**EXERCISE INSTRUCTIONS:**
Please go through the records below and return every line holding the word "permutations".
━━ ENTRIES SHOWN
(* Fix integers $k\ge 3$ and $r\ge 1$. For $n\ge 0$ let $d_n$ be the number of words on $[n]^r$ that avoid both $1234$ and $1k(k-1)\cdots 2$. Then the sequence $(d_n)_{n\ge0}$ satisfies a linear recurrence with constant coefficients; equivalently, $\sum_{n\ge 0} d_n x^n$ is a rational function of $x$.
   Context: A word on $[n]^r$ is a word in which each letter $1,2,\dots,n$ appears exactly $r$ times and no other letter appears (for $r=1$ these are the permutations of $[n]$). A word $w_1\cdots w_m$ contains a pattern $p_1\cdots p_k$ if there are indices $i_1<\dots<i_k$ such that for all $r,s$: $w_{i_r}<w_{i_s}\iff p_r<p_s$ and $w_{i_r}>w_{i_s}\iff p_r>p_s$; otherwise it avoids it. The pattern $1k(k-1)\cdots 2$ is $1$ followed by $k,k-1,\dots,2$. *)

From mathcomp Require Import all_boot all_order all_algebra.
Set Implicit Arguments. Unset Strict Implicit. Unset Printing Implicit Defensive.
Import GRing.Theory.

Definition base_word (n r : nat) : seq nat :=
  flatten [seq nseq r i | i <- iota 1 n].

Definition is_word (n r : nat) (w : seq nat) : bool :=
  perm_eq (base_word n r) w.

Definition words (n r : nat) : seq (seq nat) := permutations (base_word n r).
━━━━
**COMPLETED EXERCISE:**
   Context: A word on $[n]^r$ is a word in which each letter $1,2,\dots,n$ appears exactly $r$ times and no other letter appears (for $r=1$ these are the permutations of $[n]$). A word $w_1\cdots w_m$ contains a pattern $p_1\cdots p_k$ if there are indices $i_1<\dots<i_k$ such that for all $r,s$: $w_{i_r}<w_{i_s}\iff p_r<p_s$ and $w_{i_r}>w_{i_s}\iff p_r>p_s$; otherwise it avoids it. The pattern $1k(k-1)\cdots 2$ is $1$ followed by $k,k-1,\dots,2$. *)
Definition words (n r : nat) : seq (seq nat) := permutations (base_word n r).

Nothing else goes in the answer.